No passado mês de outubro, o país foi a eleições e a candidata mais favorável à integração europeia, Maia Sandu, venceu. Ainda assim, o momento eleitoral não escapou às denúncias de interferência da Rússia, sobretudo na segunda volta. O candidato pró-Rússia, Alexandr Stoianoglo, conseguiu 45% dos votos, contra os 55% da vitória de Sandu. Relatos de transportes coletivos de eleitores a partir da Transnístria (região separatista pró-Rússia na Moldávia) levaram as autoridades a crer num esquema de compra de votos por parte da Rússia – o que já tinha acontecido na primeira volta das eleições. Noutras capitais europeias, mas não só, surgiram, por exemplo, ameaças de bomba nos locais onde os cidadãos imigrantes moldavos poderiam exercer o direito ao voto, numa lógica evidente de boicote ao voto de uma fatia considerável de eleitores pró-Ocidente.
O resultado das eleições deste ano provou que, pelo menos para já, a Rússia não conseguiu instalar um governo-fantasma em Chisinau e a Moldávia escapou ao estatuto de um dos satélites de Putin. Por certo, porém, Moscovo não vai desistir de explorar esta oportunidade, sabendo, sobretudo, que a vitória de Sandu acontece numa altura de discórdia e divisões sociopolíticas na Moldávia.
A Roménia não é uma antiga república soviética, mas é um dos antigos Estados satelizados pela União Soviética na Europa de Leste.

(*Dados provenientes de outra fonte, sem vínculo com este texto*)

From Stdlib Require Import Reals Lra.
From HB Require Import structures.
From mathcomp Require Import all_boot all_order all_algebra zify.
Set Implicit Arguments. Unset Strict Implicit. Unset Printing Implicit Defensive.
Import Order.TTheory GRing.Theory Num.Theory.

(* An admissible error raises the coordinate sum by 1 to t, so it never preserves the
   residue mod t+1: C(n;t) is AED.  Conversely, for 0 <= j <= t let v_j be the vector of
   coordinate sum j that fills the first h coordinates greedily with entries <= a; since
   v_j - v_i is an admissible error for i < j, the translates C + v_0, ..., C + v_t of an
   AED code C are pairwise disjoint.  In the box {-k, ..., k}^n this gives
   |C ∩ box| (t+1) <= (2k+1)^n + O((2k+1)^(n-1)), the error term coming from points near the
   upper faces.  For C(n;t), lowering one coordinate by the residue of the sum maps all
   but O((2k+1)^(n-1)) box points at most (t+1)-to-one to codewords, so its ratio is squeezed
   to 1/(t+1). *)

Lemma card_ord_window (p lo w : nat) : #|[pred c : 'I_p | lo <= c < lo + w]| <= w.
Proof.
rewrite cardE -(size_map val) -[w in _ <= w](size_iota lo w).
apply: uniq_leq_size.
  by rewrite map_inj_uniq ?enum_uniq //; apply: val_inj.
by move=> ? /mapP [c]; rewrite mem_enum inE mem_iota => ? ->.
Qed.

Lemma card_ord_lt (p q : nat) : #|[pred c : 'I_p | c < q]| <= q.
Proof. exact: card_ord_window p 0 q. Qed.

Ainda assim, na prática, muitas das lembranças dos romenos que já eram nascidos no tempo soviético correspondem às dos que viviam na própria União Soviética: do domínio castrador do regime de Nicolau Ceausescu sobre a sociedade à falta de acesso a um conjunto vasto de bens e serviços. Esta memória histórica é o denominador comum entre romenos, moldavos, georgianos (e outros!) Todos temem ser engolidos pela galáxia que o líder russo quer (re)construir.

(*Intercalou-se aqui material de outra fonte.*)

(* Let $\Omega$ be a finite set, $\mathcal C$ the set of all functions from the power set of $\Omega$ to $\mathbb R$, $\mathcal P\subseteq\mathcal C$ the set of probability functions, $M$ finite, and let $s:\mathcal C\to[-\infty,M]^\Omega$ be a scoring rule that is quasi-strictly proper and continuous on $\mathcal C$. Then either $E_p s(p)$ is infinite for some $p\in\mathcal P$, or both: (i) for any sequence $(p_n)$ in $\mathcal P$ converging to some $p\in\mathcal P$ such that $s(p_n)$ is finite for all $n$ while $s(p)$ is not finite, $\lim_n E_{p_n}s(p_n)=E_p s(p)$; and (ii) the set $F=s[\mathcal P]\cap\mathbb R^\Omega$ of finite scores of probabilities is dense in $\partial^+\operatorname{Conv}F$.
   Context: $\mathcal C$ is topologized as $\mathbb R^{2^\Omega}$ and $[-\infty,M]^\Omega$ with the product of the usual extended-real topology. For $p\in\mathcal P$ and $f:\Omega\to[-\infty,\infty]$, $E_p f=\sum_{\omega:\,p(\{\omega\})\neq0}p(\{\omega\})f(\omega)$. $s$ is proper if $E_p s(p)\ge E_p s(c)$ for all $p\in\mathcal P$, $c\in\mathcal C$; quasi-strictly proper if moreover the inequality is strict whenever $c\in\mathcal C\setminus\mathcal P$. A score is finite if all its values are finite. $\mathcal P$ carries the topology in which $p_n\to p$ iff $p_n(\{\omega\})\to p(\{\omega\})$ for every $\omega$. With $\langle f,g\rangle=\sum_\omega f(\omega)g(\omega)$ on $\mathbb R^\Omega$, a boundary point $z$ of $G\subseteq\mathbb R^\Omega$ is positive-facing if there exists $v\in(0,\infty)^\Omega$ with $\langle v,w\rangle\le\langle v,z\rangle$ for all $w\in G$; $\partial^+G$ denotes the set of such points. $\operatorname{Conv}F$ is the convex hull of $F$; $F$ dense in $B$ means every open set meeting $B$ meets $F$. *)

From HB Require Import structures.
From mathcomp Require Import all_boot all_order all_algebra.
From mathcomp Require Import all_classical all_reals all_analysis.
Set Implicit Arguments. Unset Strict Implicit. Unset Printing Implicit Defensive.
Import Order.TTheory GRing.Theory Num.Theory.
Import numFieldNormedType.Exports.
Local Open Scope ring_scope.

Section Defs.
Variables (R : realType) (Omega : finType).


Definition is_prob (p : {set Omega} -> R) : Prop :=
  [/\ forall A, 0 <= p A,
      p [set: Omega] = 1 &
      forall A B : {set Omega}, [disjoint A & B] -> p (A :|: B) = p A + p B].

Local Open Scope classical_set_scope.

Definition expect (p : {set Omega} -> R) (f : Omega -> \bar R) : \bar R :=
  (\sum_(w : Omega | p [set w]%SET != 0%R) (p [set w]%SET)%:E * f w)%E.

Definition finite_score (f : Omega -> \bar R) : Prop :=
  forall w, f w \is a fin_num.

Definition dotp (f g : Omega -> R) : R := \sum_w f w * g w.

Definition conv_hull (F : set {ptws Omega -> R}) : set {ptws Omega -> R} :=
  [set z | exists (n : nat) (l : 'I_n -> R) (x : 'I_n -> (Omega -> R)),
     [/\ forall i, 0 <= l i, \sum_i l i = 1, forall i, F (x i) &
         z = fun w => \sum_i l i * x i w]].

Definition boundary (G : set {ptws Omega -> R}) : set {ptws Omega -> R} :=
  closure G `\` interior G.

Definition pos_boundary (G : set {ptws Omega -> R}) : set {ptws Omega -> R} :=
  [set z | boundary G z /\
     exists v : Omega -> R, (forall w, 0 < v w) /\
       (forall x, G x -> dotp v x <= dotp v z)].

Definition dense_in (F B : set {ptws Omega -> R}) : Prop :=
  forall O, open O -> O `&` B !=set0 -> O `&` F !=set0.

End Defs.

(* Testing quasi-strict propriety against the zero function, which is not a
   probability, gives E_p s(p) > -oo; since s <= M, the expected score
   G(p) = E_p s(p) is finite and s(p) is finite on the support of p, so the
   first alternative never occurs.
   (i) G(p_n) >= E_{p_n} s(p_N) --> E_p s(p_N) --> G(p) bounds G(p_n) from
   below; from above, G(p_n) = E_p s(p_n) + E_{p_n - p} s(p_n), where the first
   term is at most G(p) and the second vanishes because s <= M off the support
   of p and s(p_n) converges on it.
   (ii) Let z be a positive-facing boundary point of Conv F with normal v, and
   q = v / |v|. On the closure of Conv F every probability r satisfies
   <r, .> <= G(r), while <q, z> >= G(q). Comparing z with the score of
   q + t(1_a - 1_b) and letting t -> 0+ gives z_a - z_b <= s(q)_a - s(q)_b for
   all a, b, so z - s(q) is a constant, which must be 0: z = s(q) lies in F. *)

From HB Require Import structures.
From mathcomp Require Import all_boot all_order all_algebra.
From mathcomp Require Import all_classical all_reals all_analysis.
From mathcomp Require Import ring lra.

Set Implicit Arguments.
Unset Strict Implicit.
Unset Printing Implicit Defensive.
Import Order.TTheory GRing.Theory Num.Theory.
Import numFieldNormedType.Exports.
Local Open Scope classical_set_scope.
Local Open Scope ring_scope.

Lemma ptws_cvgP (I : eqType) (K : topologicalType) (T : Type)
    (F : set_system T) {FF : Filter F} (g : T -> {ptws I -> K}) (f : {ptws I -> K}) :
  g @ F --> f <-> forall i, (fun t => g t i) @ F --> f i.
Proof.
split=> [gf i|gf].
  exact: cvg_trans (cvg_app _ gf) (@proj_continuous I (fun=> K) i f).
apply/cvg_sup => i U [V] [[W] oW <-] Wfi WU.
by apply: (filterS WU); apply: gf; exact: open_nbhs_nbhs.
Qed.

Lemma cvg_sumr (R : numFieldType) (I T : Type) (F : set_system T) {FF : Filter F}
    (r : seq I) (P : pred I) (f : I -> T -> R) (a : I -> R) :
  (forall i, P i -> f i @ F --> a i) ->
  (fun x => \sum_(i <- r | P i) f i x) @ F --> \sum_(i <- r | P i) a i.
Proof. by move=> fa; apply: (@cvg_big R^o) => //; exact: add_continuous. Qed.

Section DotProduct.
Variables (R : realType) (Omega : finType).
Implicit Types (u x y : Omega -> R) (F : set {ptws Omega -> R}).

A prova disso foi a ascensão algo inusitada do candidato de extrema-direita às eleições do passado dia 1, Calin Georgescu, alegadamente apoiado pelo Kremlin numa ampla campanha online de promoção da sua candidatura – que acabaria mesmo por vencer a primeira volta do momento eleitoral. As suspeitas de interferência da Rússia nesta campanha conduziram o Tribunal Constitucional romeno a anular a validade do ato eleitoral, cuja segunda volta se realizaria a 8 de dezembro.
Para a sociedade civil na Roménia, estas são notícias agridoces: se, por um lado, as instituições provam estar a funcionar no sentido de garantir a legalidade e transparência do processo e etapas inerentes a uma nova eleição, por outro, fica clara a tentativa russa de deitar a mão a mais uma porção daquele que Putin julga ser o seu quintal político. Para o Kremlin, todavia, alimentar a desconfiança popular no momento eleitoral é uma vantagem promissora. Escassos 30 dias antes da primeira volta das eleições, eram poucos os romenos que conheciam a figura de Georgescu ou o seu projeto político, que se tornou viral na plataforma TikTok, alegadamente com um “empurrão” do vizinho russo. Agarrar as gerações mais novas através destas campanhas à la anos 2020 e, ao mesmo tempo, fazer com que as mais velhas se desacreditem face a estes processos é uma win-win situation, tanto para Putin, como para os seus homens-satélite, na Roménia ou noutro país qualquer.